Pharmacies that will blow your mind
Pharmacies used to be have it all. They used to be lined with floor to ceiling wooden cabinets, bulging with apothecary bottles and home-made remedies by the pharmacist’s wife. They had rose water for sale, bottled in crystal-cut jars, sitting alongside beautifully crafted containers of pills ointments and tinctures. But then, with the thirst for change during the latter part of the Twentieth century, things went downhill. Pharmacies really lost their cool. Oak fixtures and fittings were replaced with lino floors and strip lighting that forced brows to furrow.
But something’s happening. There are stirrings on the pharmacy scene, and on a global scale. It appears they’re once again becoming the mecca of beauty cool. As New York pharmacist Stanley George said recently in T Magazine, ‘The whole feeling of a pharmacy is unhappiness. Prescriptions, insurance problems, being lost in aisles of product and not knowing what to pick. Fluorescent lighting. It’s not good.’ Damn right Stanley. And thank the Lord he’s changing the face of pharmacies as we know them with his new Lower East Side venture, named, fittingly, Stanley’s. An up-to-date experience incorporating everything from youth-boosting elixirs, hi-tech vitamins in snazzy packaging and a whole host of other ailments to sort hung-over Lower East Side hipsters right out. He’s also wised up to opening times, throwing the shop doors open early each morning to allow said hipsters to fuel up on supplements before they head off for brunch at Schiller’s.
Stanley isn’t alone though. Oh no. There’s the newly opened Farmacia de los Austrias, in Madrid, which looks like quite the coolest place ever. It looks like a cross between a trend pop-up restaurant mixed with an edgy West London gallery space. Forget white metal shelves; here things are displayed on specially designed glass and metal structures, with cool filament light bulbs hanging overhead. It looks like the kind of space NASA might design in the year 2086. Or the Saatchi gallery. Not dissimilar is Pharmacy M across the way in Belgium. All squares and glass and elevations, it brings some a certain amount of edge to what is essentially a slightly soul-less town. From the outside, you’d be forgiven for thinking it was a tequila bar. Or an art house cinema. Or the reincarnation of Damien Hirst’s Notting Hill situated Pharmacy restaurant. Either way, it’s not a bar or restaurant; it’s a very modern pharmacy.

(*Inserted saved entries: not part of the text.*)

(* If the sign of [F'] on ]a, b[ is that of a function [g] which, once
   nonpositive, stays negative, then [F'] changes sign at most once, from
   [+] to [-]: [F] has no minimum inside ]a, b[, and every interior point can
   be strictly improved inside ]a, b]. *)
Lemma no_interior_minimum F dF g a b :
  (forall x, a < x <= b -> is_derive x 1 F (dF x)) ->
  (forall x, a < x < b -> (0 < g x -> 0 < dF x) /\ (g x < 0 -> dF x < 0)) ->
  (forall t1 t2, a < t1 -> t1 < t2 -> t2 < b -> g t1 <= 0 -> g t2 < 0) ->
  forall t0, a < t0 -> t0 < b -> exists2 t1, a < t1 <= b & F t1 < F t0.
Proof.
move=> FdF sign_dF crossing t0 at0 t0b.
have FdF_in x y : a < x -> y <= b -> forall z, x <= z <= y -> is_derive z 1 F (dF z).
  by move=> ax yb z /andP[? ?]; apply: FdF; apply/andP; split; lra.
have [g_pos | g_nonpos] := ltrP 0 (g t0).
- (* [F] increases just left of [t0]: move down. *)
  exists ((a + t0) / 2); first by apply/andP; split; lra.
  have [c /andP[c1 c2] e] : exists2 c, (a + t0) / 2 < c < t0 &
      F t0 - F ((a + t0) / 2) = dF c * (t0 - (a + t0) / 2).
    by apply: mvt_closed; [lra | apply: (FdF_in _ _ _ (ltW t0b)); lra].
  have g_c : 0 < g c.
    by rewrite ltNge; apply/negP => gc; have := crossing c t0 ltac:(lra) c2 t0b gc; lra.
  have [/(_ g_c) dF_c _] := sign_dF c ltac:(apply/andP; split; lra).
  have : 0 < dF c * (t0 - (a + t0) / 2) by apply: mulr_gt0; lra.
  lra.
- (* [F] decreases just right of [t0]: move up. *)
  exists ((t0 + b) / 2); first by apply/andP; split; lra.
  have [c /andP[c1 c2] e] : exists2 c, t0 < c < (t0 + b) / 2 &
      F ((t0 + b) / 2) - F t0 = dF c * ((t0 + b) / 2 - t0).
    by apply: mvt_closed; [lra | apply: (FdF_in _ _ at0); lra].
  have g_c : g c < 0 by apply: (crossing t0 c); lra.
  have [_ /(_ g_c) dF_c] := sign_dF c ltac:(apply/andP; split; lra).
  have : dF c * ((t0 + b) / 2 - t0) < 0 by rewrite pmulr_llt0 //; lra.
  lra.
Qed.
End MeanValueArguments.

Section PairedSlots.
Context {R : realType}.
Variables (s P alpha : R).
Hypotheses (s_gt0 : 0 < s) (sP : s * s < P).

(* Keeping the product [(s + x) * (s + y) = P] fixed keeps the rate
   [log2 (1 + x / s) + log2 (1 + y / s)] of two slots fixed; [partner t] is
   the power of the second slot when the first one gets power [t]. *)
Definition partner (t : R) : R := P / (s + t) - s.

(* The symmetric allocation: [partner midpoint = midpoint]. *)
Definition midpoint : R := Num.sqrt P - s.

Definition pair_cost (t : R) : R := t `^ alpha + partner t `^ alpha.

Definition pair_cost_slope (t : R) : R :=
  alpha * t `^ (alpha - 1) + alpha * partner t `^ (alpha - 1) * (- P / (s + t) ^+ 2).

(* [balance t] has the sign of [pair_cost_slope t] (see [pair_cost_slope_sign]);
   it is the log of the ratio of the two marginal costs per unit of rate. *)
Definition balance (t : R) : R :=
  (alpha - 1) * (ln t - ln (partner t)) + 2 * ln (s + t) - ln P.

Definition balance_slope (t : R) : R :=
  (2 * alpha + (alpha - 1) * s * (t^-1 + (partner t)^-1)) / (s + t).

Lemma shift_derive (t : R) : is_derive t 1 (fun y : R => s + y) 1.
Proof. by have := is_deriveD (is_derive_cst s t 1) (is_derive_id t 1); rewrite add0r. Qed.

Lemma partner_derive (t : R) : 0 < s + t -> is_derive t 1 partner (- P / (s + t) ^+ 2).
Proof.
move=> st; apply: is_derive_eq (is_deriveB (is_deriveZ P
  (is_deriveV (lt0r_neq0 st) (shift_derive t))) (is_derive_cst s t 1)) _.
by rewrite /GRing.scale /= mulr1 subr0 mulrN mulNr.
Qed.

Lemma partner_prod (t : R) : 0 < s + t -> (s + t) * (s + partner t) = P.
Proof. by move=> st; rewrite /partner [s + (_ - s)]addrC subrK mulrC mulfVK // lt0r_neq0. Qed.

(* [s < sqrt P] is what makes the midpoint a positive power. *)
Lemma sqrtP_facts : s < Num.sqrt P /\ Num.sqrt P ^+ 2 = P.
Proof.
have P_gt0 : 0 < P by apply: lt_trans sP; exact: mulr_gt0.
have sqrtP2 : Num.sqrt P ^+ 2 = P by rewrite sqr_sqrtr // ltW.
split=> //; rewrite -(ltr_pXn2r (_ : (0 < 2)%N)) ?nnegrE ?sqrtr_ge0 ?ltW //.
by rewrite sqrtP2 expr2.
Qed.

Lemma partner_midpoint : partner midpoint = midpoint.
Proof.
have [ltsP sqrtP2] := sqrtP_facts.
rewrite /partner /midpoint [s + (_ - s)]addrC subrK -{1}sqrtP2 expr2 mulfK // gt_eqF //.
exact: lt_trans ltsP.
Qed.

Lemma below_midpoint {t : R} : 0 < t -> t <= midpoint ->
  [/\ 0 < s + t, (s + t) ^+ 2 <= P & 0 < partner t].
Proof.
move=> t_gt0 t_le; have [ltsP sqrtP2] := sqrtP_facts.
have st : 0 < s + t by apply: addr_gt0.
have st_le : s + t <= Num.sqrt P by rewrite /midpoint lerBrDl in t_le.
have sqrtP_gt0 : 0 < Num.sqrt P := lt_trans s_gt0 ltsP.
split => //.
- by rewrite -sqrtP2 !expr2; apply: ler_pM => //; exact: ltW.
- rewrite /partner subr_gt0 ltr_pdivlMr // -sqrtP2 expr2.
  by have := s_gt0; nra.
Qed.

Lemma inv_sum_decreasing {x y : R} : 0 < x -> x < y -> y < midpoint ->
  y^-1 + (partner y)^-1 < x^-1 + (partner x)^-1.
Proof.
move=> x_gt0 xy y_lt; have [ltsP sqrtP2] := sqrtP_facts; have s0 := s_gt0.
have sy_lt : (s + y) ^+ 2 < P.
  by rewrite -sqrtP2 !expr2; rewrite /midpoint in y_lt; nra.
have P_sx : 0 < P - s * (s + x) by nra.
have P_sy : 0 < P - s * (s + y) by nra.
have P_xy : 0 < P - (s + x) * (s + y) by nra.
have P_ss : 0 < P - s * s by nra.
have -> : x^-1 + (partner x)^-1 = (y^-1 + (partner y)^-1) +
    (y - x) * (P - (s + x) * (s + y)) * (P - s * s) /
    (x * y * (P - s * (s + x)) * (P - s * (s + y))).
  by rewrite /partner; field; rewrite !lt0r_neq0 //; lra.
rewrite ltrDl; apply: divr_gt0; first by rewrite !mulr_gt0 // subr_gt0.
by rewrite !mulr_gt0 //; lra.
Qed.

Lemma pair_cost_derive (t : R) : 0 < t -> t <= midpoint ->
  is_derive t 1 pair_cost (pair_cost_slope t).
Proof.
move=> t_gt0 t_le; have [st _ y_gt0] := below_midpoint t_gt0 t_le.
exact (is_deriveD (is_derive1_powR alpha t_gt0)
  (is_derive1_comp (is_derive1_powR alpha y_gt0) (partner_derive t st))).
Qed.

Lemma balance_derive (t : R) : 0 < t -> t <= midpoint ->
  is_derive t 1 balance (balance_slope t).
Proof.
move=> t_gt0 t_le; have [st _ y_gt0] := below_midpoint t_gt0 t_le.
apply: is_derive_eq (is_deriveB (is_deriveD (is_deriveZ (alpha - 1)
    (is_deriveB (is_derive1_ln t_gt0)
       (is_derive1_comp (is_derive1_ln y_gt0) (partner_derive t st))))
    (is_deriveZ 2 (is_derive1_comp (is_derive1_ln st) (shift_derive t))))
  (is_derive_cst (ln P) t 1)) _.
rewrite /balance_slope /GRing.scale /=.
move: (partner t) (partner_prod t st) y_gt0 => y <- y_gt0.
by field; rewrite !lt0r_neq0.
Qed.

Lemma balance_midpoint : balance midpoint = 0.
Proof.
have [ltsP sqrtP2] := sqrtP_facts.
rewrite /balance partner_midpoint subrr mulr0 add0r.
have -> : s + midpoint = Num.sqrt P by rewrite /midpoint [s + (_ - s)]addrC subrK.
by rewrite mulr_natl -lnXn ?sqrtP2 ?subrr // (lt_trans s_gt0).
Qed.

Hypotheses (alpha_gt0 : 0 < alpha) (alpha_le1 : alpha <= 1).

Lemma pair_cost_slope_sign (t : R) : 0 < t -> t <= midpoint ->
  (0 < balance t -> 0 < pair_cost_slope t) /\ (balance t < 0 -> pair_cost_slope t < 0).
Proof.
move=> t_gt0 t_le; have [st _ y_gt0] := below_midpoint t_gt0 t_le.
have P_gt0 : 0 < P by apply: lt_trans sP; exact: mulr_gt0.
set A := t `^ (alpha - 1) * (s + t) ^+ 2; set B := partner t `^ (alpha - 1) * P.
have A_gt0 : 0 < A by rewrite mulr_gt0 ?exprn_gt0 ?powR_gt0.
have B_gt0 : 0 < B by rewrite mulr_gt0 ?powR_gt0.
have -> : pair_cost_slope t = alpha * (A - B) / (s + t) ^+ 2.
  by rewrite /pair_cost_slope /A /B; field; rewrite lt0r_neq0.
have -> : balance t = ln A - ln B.
  rewrite /balance /A /B !lnM ?posrE ?powR_gt0 ?exprn_gt0 // !ln_powR.
  by ring.
rewrite !subr_gt0 !subr_lt0 !ltr_ln ?posrE //; split=> AB.
- by rewrite divr_gt0 ?exprn_gt0 // mulr_gt0 // subr_gt0.
- by rewrite pmulr_llt0 ?invr_gt0 ?exprn_gt0 // pmulr_rlt0 // subr_lt0.
Qed.

Lemma balance_slope_crossing (x y : R) : 0 < x -> x < y -> y < midpoint ->
  0 <= balance_slope x -> 0 < balance_slope y.
Proof.
move=> x_gt0 xy y_lt; have s0 := s_gt0; have a0 := alpha_gt0.
have [sx _ _] := below_midpoint x_gt0 (ltW (lt_trans xy y_lt)).
have [sy _ _] := below_midpoint (lt_trans x_gt0 xy) (ltW y_lt).
have Hxy := inv_sum_decreasing x_gt0 xy y_lt.
rewrite /balance_slope !pmulr_lge0 ?pmulr_lgt0 ?invr_gt0 //.
set Hx := x^-1 + _ in Hxy *; set Hy := y^-1 + _ in Hxy *.
have [a_lt1 | a_ge1] := ltrP alpha 1; last first.
  have -> : alpha = 1 by apply/eqP; rewrite eq_le alpha_le1.
  by rewrite subrr !mul0r addr0 mulr1.
move=> Nx; have : 0 < (1 - alpha) * s * (Hx - Hy).
  by rewrite !mulr_gt0 // ?subr_gt0.
nra.
Qed.

Lemma pair_cost_improvable {t0 : R} : 0 < t0 -> t0 < midpoint ->
  exists2 t1, 0 < t1 <= midpoint & pair_cost t1 < pair_cost t0.
Proof.
have crossing : forall t1 t2, 0 < t1 -> t1 < t2 -> t2 < midpoint ->
    balance t1 <= 0 -> balance t2 < 0.
  apply: single_crossing balance_slope_crossing balance_midpoint.
  by move=> x /andP[x0 xm]; exact: balance_derive.
apply: no_interior_minimum crossing t0.
- by move=> x /andP[x0 xm]; exact: pair_cost_derive.
- by move=> x /andP[x0 xm]; exact: pair_cost_slope_sign (ltW xm).
Qed.

End PairedSlots.

Lemma unequal_pair {R : realType} {s x y : R} : 0 < s -> 0 < x -> x < y ->
  let P := (s + x) * (s + y) in
  [/\ s * s < P, partner s P x = y & x < midpoint s P].
Proof.
move=> s_gt0 x_gt0 xy P; have sx_gt0 : 0 < s + x by lra.
split.
- by rewrite /P; nra.
- by rewrite /partner /P [(s + x) * _]mulrC mulfK ?lt0r_neq0 // addrC addKr.
- rewrite /midpoint ltrBrDl -[s + x]gtr0_norm // -sqrtr_sqr ltr_sqrt /P.
  + by rewrite expr2 ltr_pM2l //; lra.
  + by rewrite /P mulr_gt0 //; lra.
Qed.

Section TwoSlotExchange.
Context {R : realType} {N : nat}.
Implicit Types (p : 'I_N -> R) (a b : 'I_N) (x y : R).

Definition update2 p a b x y : 'I_N -> R :=
  fun i => if i == a then x else if i == b then y else p i.

Lemma big_update2 (F : R -> R) p a b x y : a != b ->
  \sum_(i < N) F (update2 p a b x y i) + (F (p a) + F (p b)) =
  \sum_(i < N) F (p i) + (F x + F y).
Proof.
move=> ab; rewrite (bigD1 a) // [in RHS](bigD1 a) // (bigD1 b) 1?eq_sym //.
rewrite [in RHS](bigD1 b) 1?eq_sym //= /update2 eqxx eq_sym (negbTE ab) eqxx.
rewrite (eq_bigr (fun i => F (p i))); last first.
  by move=> i /andP[ia ib]; rewrite (negbTE ia) (negbTE ib).
by ring.
Qed.

Lemma rate_pair (s x y : R) : 0 < s -> 0 <= x -> 0 <= y ->
  log2 (1 + x / s) + log2 (1 + y / s) = log2 ((s + x) * (s + y) / s ^+ 2).
Proof.
move=> s_gt0 x_ge0 y_ge0; have s_neq0 := lt0r_neq0 s_gt0.
have rate_gt0 v : 0 <= v -> 0 < 1 + v / s.
  by move=> v_ge0; rewrite ltr_wpDr // divr_ge0 // ltW.
rewrite /log2 -mulrDl -lnM ?posrE ?rate_gt0 //.
by congr (ln _ / _); field.
Qed.

Lemma feasible_update2 {s Rt : R} {p a b x y} : 0 < s -> a != b ->
  feasible s Rt p -> 0 <= x -> 0 <= y ->
  (s + x) * (s + y) = (s + p a) * (s + p b) -> feasible s Rt (update2 p a b x y).
Proof.
move=> s_gt0 ab [p_ge0 p_rate] x_ge0 y_ge0 same_prod; split.
  by move=> i; rewrite /update2; case: ifP => _ //; case: ifP.
rewrite -p_rate /avg_rate; congr (_ * _).
apply: (addIr (log2 (1 + p a / s) + log2 (1 + p b / s))).
by rewrite (big_update2 (fun v => log2 (1 + v / s))) // !rate_pair // same_prod.
Qed.

Lemma objective_update2 (gamma alpha : R) p a b x y : 0 < gamma -> (0 < N)%N ->
  a != b -> x `^ alpha + y `^ alpha < p a `^ alpha + p b `^ alpha ->
  objective gamma alpha (update2 p a b x y) < objective gamma alpha p.
Proof.
move=> gamma_gt0 N_gt0 ab cheaper.
rewrite /objective ltr_pM2l ?divr_gt0 ?ltr0n //.
rewrite -(ltrD2r (p a `^ alpha + p b `^ alpha)).
by rewrite (big_update2 (fun v => v `^ alpha)) // ltrD2l.
Qed.

End TwoSlotExchange.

Athens is also pushing things forward for the humble chemist with the tongue-in-cheek named Placebo Pharmacy. It’s circular shaped and full of all those architectural musts like wooden cladding and juxtaposing lines. Designed by famed Greek architect Konstantinos Labrinopoulos, he has used Braille writing on the exterior to both reference the pharmaceutical packets and also allow pockets of light in. Clever, no? Along with brushed aluminium counters and drawers with all the medicines inside. And bespoke display cabinets. And a split mezzanine and gigantic glass windows that flood the space with natural light. Very modern, very Grand Designs.
All of which makes popping out for a box of Day-Quil an altogether more culturally uplifting experience. London next please.